Since last year, our largest commercial scenario is the full-color night vision camera mounting of industrial drones. Zhang Qining told us that the business model of the drone market has been verified and now has a mature series of product lines.

 

The application of domestic industrial drones is actually very extensive, including public security, fishery administration, border defense, coastal defense, firefighting, emergency response, etc. At present, there are more than 200 industrial drone-related companies in China, mainly focusing on the three key areas of agricultural plant protection, power inspection and police security.

 

At the same time, Shenzhi Future is also exploring the consumer market for night vision cameras, such as handheld night vision telescopes.

 

4. Moving towards 2.0, killing ISP

Now, we are still in the AI ​​ISP 1. 0 era-part of the traditional ISP process plus part of the neural network process-essentially a transition.

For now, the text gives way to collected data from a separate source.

(* For integers $1\le q\le p<n$ define $$K_n=\Big(\frac2n\Big)^{pq/2}\prod_{j=0}^{q-1}\frac{\Gamma((n-j)/2)}{\Gamma((n-p-j)/2)}.$$ If $p=p_n\to\infty$, $\limsup_{n\to\infty}p/n<1$ and $pq=O(n)$, then as $n\to\infty$ $$\log K_n=-\frac{pq}{2}+\frac{q(q+1)}{4}\log\Big(1+\frac{p}{n-p}\Big)-\frac{pq^3}{12n^2}-c_nq\log\Big(1-\frac pn\Big)+o(1),$$ where $c_n=\frac12(n-p-q-1)$. *)

From Stdlib Require Import Reals.
From Coquelicot Require Import Coquelicot.
Open Scope R_scope.

Definition Gamma (x : R) : R :=
  RInt_gen (fun t => Rpower t (x - 1) * exp (- t)) (at_right 0) (Rbar_locally p_infty).

Fixpoint prodR (f : nat -> R) (m : nat) : R :=
  match m with
  | O => 1
  | S m' => prodR f m' * f m'
  end.

Definition K (n p q : nat) : R :=
  Rpower (2 / INR n) (INR p * INR q / 2) *
  prodR (fun j => Gamma ((INR n - INR j) / 2) / Gamma ((INR n - INR p - INR j) / 2)) q.

Definition c_ (n p q : nat) : R := (INR n - INR p - INR q - 1) / 2.

Definition K_approx (n p q : nat) : R :=
  - (INR p * INR q) / 2
  + INR q * (INR q + 1) / 4 * ln (1 + INR p / (INR n - INR p))
  - INR p * INR q ^ 3 / (12 * INR n ^ 2)
  - c_ n p q * INR q * ln (1 - INR p / INR n).

(* With [y_j = (n - p - j) / 2], [ln K_n] is the sum over [j < q] of
   [p/2 ln (2/n) + ln Gamma (y_j + p/2) - ln Gamma y_j], and the expansion is the telescoping sum
   of [A (j + 1) - A j], where [A Q] is the expansion with [q] replaced by [Q]. Each pair of
   summands agrees up to [O(1/n)]:
   - [ln Gamma (y + p/2) - ln Gamma y = S (y + p/2) - S y + O(1/y)] with
     [S t = (t - 1/2) ln t - t], by [Gamma (t + 1) = t Gamma t], the trapezoid bound
     [0 <= (1 + 1/(2t)) ln (1 + 1/t) - 1/t <= 1/(12 t^2)] and, for odd [p], log-convexity;
   - what remains is exactly [psi n j / 2 - psi (n - p) j / 2 + p (3j^2 + 3j + 1) / (12 n^2)]
     with [psi M j = (M - j - 1) ln (1 - j/M)], and the third-order Taylor expansion of [psi]
     makes it [O(1/n)] because [j < q], [q^2 <= p q = O(n)] and [n - p >= d n] for some [d > 0].
   The total error is thus [O(q/n) = O(n^(-1/2))]. *)

From Stdlib Require Import Reals Lra Lia Psatz Classical.
From Coquelicot Require Import Coquelicot.
Open Scope R_scope.

Lemma le_of_derive_nonneg (h dh : R -> R) (X : R) :
  (forall x, 0 <= x <= X -> is_derive h x (dh x)) ->
  (forall x, 0 <= x <= X -> 0 <= dh x) ->
  forall x, 0 <= x <= X -> h 0 <= h x.
Proof.
  intros Hd Hpos x Hx.
  destruct (Req_dec x 0) as [->|Hx0]; [lra|].
  destruct (MVT_gen h 0 x dh) as [c [Hc Heq]];
    rewrite ?Rmin_left, ?Rmax_right in * by lra.
  - intros z Hz. apply Hd. lra.
  - intros z Hz. apply continuity_pt_filterlim.
    apply (ex_derive_continuous (K := R_AbsRing) (V := R_NormedModule)).
    eexists. apply Hd. lra.
  - assert (0 <= dh c) by (apply Hpos; lra). nra.
Qed.

Lemma derive_sandwich (f df g dg : R -> R) (X : R) :
  f 0 = 0 -> g 0 = 0 ->
  (forall x, 0 <= x <= X -> is_derive f x (df x)) ->
  (forall x, 0 <= x <= X -> is_derive g x (dg x)) ->
  (forall x, 0 <= x <= X -> 0 <= df x <= dg x) ->
  forall x, 0 <= x <= X -> 0 <= f x <= g x.
Proof.
  intros Hf0 Hg0 Hf Hg Hle x Hx. split.
  - rewrite <- Hf0. apply (le_of_derive_nonneg f df X); auto.
    intros t Ht. apply Hle, Ht.
  - assert (H := le_of_derive_nonneg (fun t => g t - f t) (fun t => dg t - df t) X).
    cut (g 0 - f 0 <= g x - f x); [lra|].
    { apply H; auto.
      - intros t Ht. apply (is_derive_minus (K := R_AbsRing) (V := R_NormedModule)); auto.
      - intros t Ht. specialize (Hle t Ht). lra. }
Qed.

(* Leaves only the comparison [0 <= df t <= dg t] of the derivatives. *)
Ltac derive_sandwich_goals :=
  [> cbv beta; rewrite ?Rminus_0_r, ?Rplus_0_r, ?ln_1; field
  | cbv beta; field
  | intros t Ht; auto_derive; try (unfold Rminus; field; lra); try lra; auto
  | intros t Ht; auto_derive; try (unfold Rminus; field; lra); try lra; auto
  | intros t Ht; cbv beta | lra ].

Lemma ln_1m_bound1 (u : R) : 0 <= u <= 1/2 -> 0 <= - ln (1 - u) - u <= u ^ 2.
Proof.
  intros Hu.
  apply (derive_sandwich (fun t => - ln (1 - t) - t) (fun t => t / (1 - t))
           (fun t => t ^ 2) (fun t => 2 * t) (1/2));
    derive_sandwich_goals.
  split; [apply Rdiv_le_0_compat | apply Rle_div_l]; nra.
Qed.

Lemma ln_1m_bound2 (u : R) :
  0 <= u <= 1/2 -> 0 <= - ln (1 - u) - u - u ^ 2 / 2 <= 2 * u ^ 3 / 3.
Proof.
  intros Hu.
  apply (derive_sandwich (fun t => - ln (1 - t) - t - t ^ 2 / 2) (fun t => t ^ 2 / (1 - t))
           (fun t => 2 * t ^ 3 / 3) (fun t => 2 * t ^ 2) (1/2));
    derive_sandwich_goals.
  split; [apply Rdiv_le_0_compat | apply Rle_div_l]; nra.
Qed.

Lemma xln_1m_bound3 (u : R) :
  0 <= u <= 1/2 -> 0 <= (1 - u) * ln (1 - u) + u - u ^ 2 / 2 - u ^ 3 / 6 <= u ^ 4 / 6.
Proof.
  intros Hu.
  apply (derive_sandwich (fun t => (1 - t) * ln (1 - t) + t - t ^ 2 / 2 - t ^ 3 / 6)
           (fun t => - ln (1 - t) - t - t ^ 2 / 2) (fun t => t ^ 4 / 6)
           (fun t => 2 * t ^ 3 / 3) (1/2)); derive_sandwich_goals.
  apply ln_1m_bound2; lra.
Qed.

Lemma ln_1p_bound1 (w : R) : 0 <= w -> 0 <= w - ln (1 + w) <= w ^ 2 / 2.
Proof.
  intros Hw.
  apply (derive_sandwich (fun t => t - ln (1 + t)) (fun t => t / (1 + t))
           (fun t => t ^ 2 / 2) (fun t => t) w);
    derive_sandwich_goals.
  split; [apply Rdiv_le_0_compat | apply Rle_div_l]; nra.
Qed.

Lemma ln_1p_trapezoid_deriv (w : R) :
  0 <= w -> 0 <= ln (1 + w) / 2 - (w / 2) / (1 + w) <= w ^ 2 / 4.
Proof.
  intros Hw.
  apply (derive_sandwich (fun t => ln (1 + t) / 2 - (t / 2) / (1 + t))
           (fun t => t / (2 * (1 + t) ^ 2)) (fun t => t ^ 2 / 4) (fun t => t / 2) w);
    derive_sandwich_goals.
  split; [apply Rdiv_le_0_compat | apply Rle_div_l]; nra.
Qed.

(* The trapezoid rule for [int_1^(1+w) dt/t]. *)
Lemma ln_1p_trapezoid (w : R) :
  0 <= w -> 0 <= (1 + w / 2) * ln (1 + w) - w <= w ^ 3 / 12.
Proof.
  intros Hw.
  apply (derive_sandwich (fun t => (1 + t / 2) * ln (1 + t) - t)
           (fun t => ln (1 + t) / 2 - (t / 2) / (1 + t)) (fun t => t ^ 3 / 12)
           (fun t => t ^ 2 / 4) w); derive_sandwich_goals.
  apply ln_1p_trapezoid_deriv; lra.
Qed.

Lemma exp_le_exp (a b : R) : a <= b -> exp a <= exp b.
Proof. intros [h|h]; [left; apply exp_increasing; auto | right; subst; auto]. Qed.

Lemma ball_R (x e y : R) : ball x e y <-> Rabs (y - x) < e.
Proof. reflexivity. Qed.

Lemma filter_prod_at_right_pinfty (a0 b0 : R) (P : R * R -> Prop) :
  0 < a0 -> (forall a b, 0 < a < a0 -> b0 < b -> P (a, b)) ->
  filter_prod (at_right 0) (Rbar_locally p_infty) P.
Proof.
  intros Ha0 HP. apply Filter_prod with (fun a => 0 < a < a0) (fun b => b0 < b); auto.
  - exists (mkposreal a0 Ha0). intros y Hy Hy0.
    rewrite ball_R in Hy. simpl in Hy. rewrite Rminus_0_r in Hy.
    apply Rabs_def2 in Hy. lra.
  - exists b0. auto.
Qed.

(* The improper integral is the supremum of the proper ones. *)
Lemma is_RInt_gen_nonneg_bounded (f : R -> R) (M : R) :
  (forall t, 0 < t -> 0 <= f t) ->
  (forall t, 0 < t -> continuous f t) ->
  (forall a b, 0 < a <= b -> RInt f a b <= M) ->
  exists l, is_RInt_gen f (at_right 0) (Rbar_locally p_infty) l /\
            (forall a b, 0 < a <= b -> RInt f a b <= l).
Proof.
  intros Hpos Hcont Hbd.
  assert (Hex : forall a b, 0 < a <= b -> ex_RInt f a b).
  { intros a b Hab. apply (ex_RInt_continuous (V := R_CompleteNormedModule)).
    intros z Hz. rewrite Rmin_left in Hz by lra. apply Hcont. lra. }
  set (E := fun v => exists a b, 0 < a <= b /\ v = RInt f a b).
  destruct (completeness E) as [l [Hub Hlub]].
  { exists M. intros v [a [b [Hab ->]]]. auto. }
  { exists (RInt f 1 1), 1, 1. split; [lra | auto]. }
  exists l. split.
  2: { intros a b Hab. apply Hub. exists a, b. auto. }
  intros P [eps Heps].
  destruct (classic (exists v, E v /\ l - eps < v))
    as [[v [[a0 [b0 [Hab0 ->]]] Hv]] | Hno].
  2: { exfalso. assert (Hle : l <= l - eps).
       { apply Hlub. intros v Ev. apply Rnot_lt_le. intros Hlt. apply Hno. eauto. }
       destruct eps; simpl in *; lra. }
  apply (filter_prod_at_right_pinfty a0 b0); [lra|].
  intros a b Ha Hb. exists (RInt f a b). split.
  - apply (RInt_correct (V := R_CompleteNormedModule)). apply Hex. lra.
  - apply Heps. rewrite ball_R.
    assert (Hup : RInt f a b <= l) by (apply Hub; exists a, b; split; auto; lra).
    assert (Hlo : RInt f a0 b0 <= RInt f a b).
    { rewrite <- (RInt_Chasles f a a0 b), <- (RInt_Chasles f a0 b0 b) by (apply Hex; lra).
      assert (0 <= RInt f a a0) by (apply RInt_ge_0; [lra | apply Hex; lra | intros; apply Hpos; lra]).
      assert (0 <= RInt f b0 b) by (apply RInt_ge_0; [lra | apply Hex; lra | intros; apply Hpos; lra]).
      change plus with Rplus. lra. }
    apply Rabs_def1; lra.
Qed.

Definition Gamma_integrand (x t : R) : R := Rpower t (x - 1) * exp (- t).

Lemma Gamma_integrand_pos (x t : R) : 0 < Gamma_integrand x t.
Proof. unfold Gamma_integrand, Rpower. apply Rmult_lt_0_compat; apply exp_pos. Qed.

Lemma continuous_Gamma_integrand (x t : R) : 0 < t -> continuous (Gamma_integrand x) t.
Proof.
  intros Ht. apply (ex_derive_continuous (K := R_AbsRing) (V := R_NormedModule)).
  unfold Gamma_integrand, Rpower. auto_derive. auto.
Qed.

In Zhang Qining’s view.

 

The current solution requires not only the traditional ISP, but also the NPU. Whether in terms of cost or power consumption, it is definitely higher than the original one, and it is not so easy to achieve a flat replacement.

 

Chips are very expensive, and now we have to leave a piece of land for the ISP, which is quite large, even larger than the NPU. Sometimes, the power consumption will exceed that of the NPU.

 

Because the ISP and NPU need to work together, some data exchanges between the two sides will cause the NPU to not be able to work at full power, and usually the utilization rate may only be 10% or 20%.

 

However, ISP technology is still evolving, and integration with AI is only one direction. There is also a view that, based on some of its own shortcomings (such as power, end-side computing power, training and inference costs, etc.), AI ISP cannot completely replace traditional ISPs.

 

In Zhang Qining’s view, the technical path of integration with AI must continue to evolve to a state where everyone has no choice before it can truly achieve large-scale replacement. “Next, we want to completely cut off all traditional ISP processes and replace them with neural networks.”

 

Vision has been using neural networks for imaging since its birth. As a result, trilobites became the overlords of the Cambrian ocean and survived on Earth for nearly 300 million years before becoming extinct. Human vision itself is a very pure neural network.

 

It is expected that the prototype of the 2. 0 framework will be realized by the end of this year. According to Zhang Qining, this is an all-in-one neural network that no longer relies on any traditional ISP pipeline.

 

You can think of it as a multitask neural network that can achieve a lot of tasks, unlike the current solution that requires a lot of neural network collaboration.

 

“Only NPU is needed, it is a brand new species.”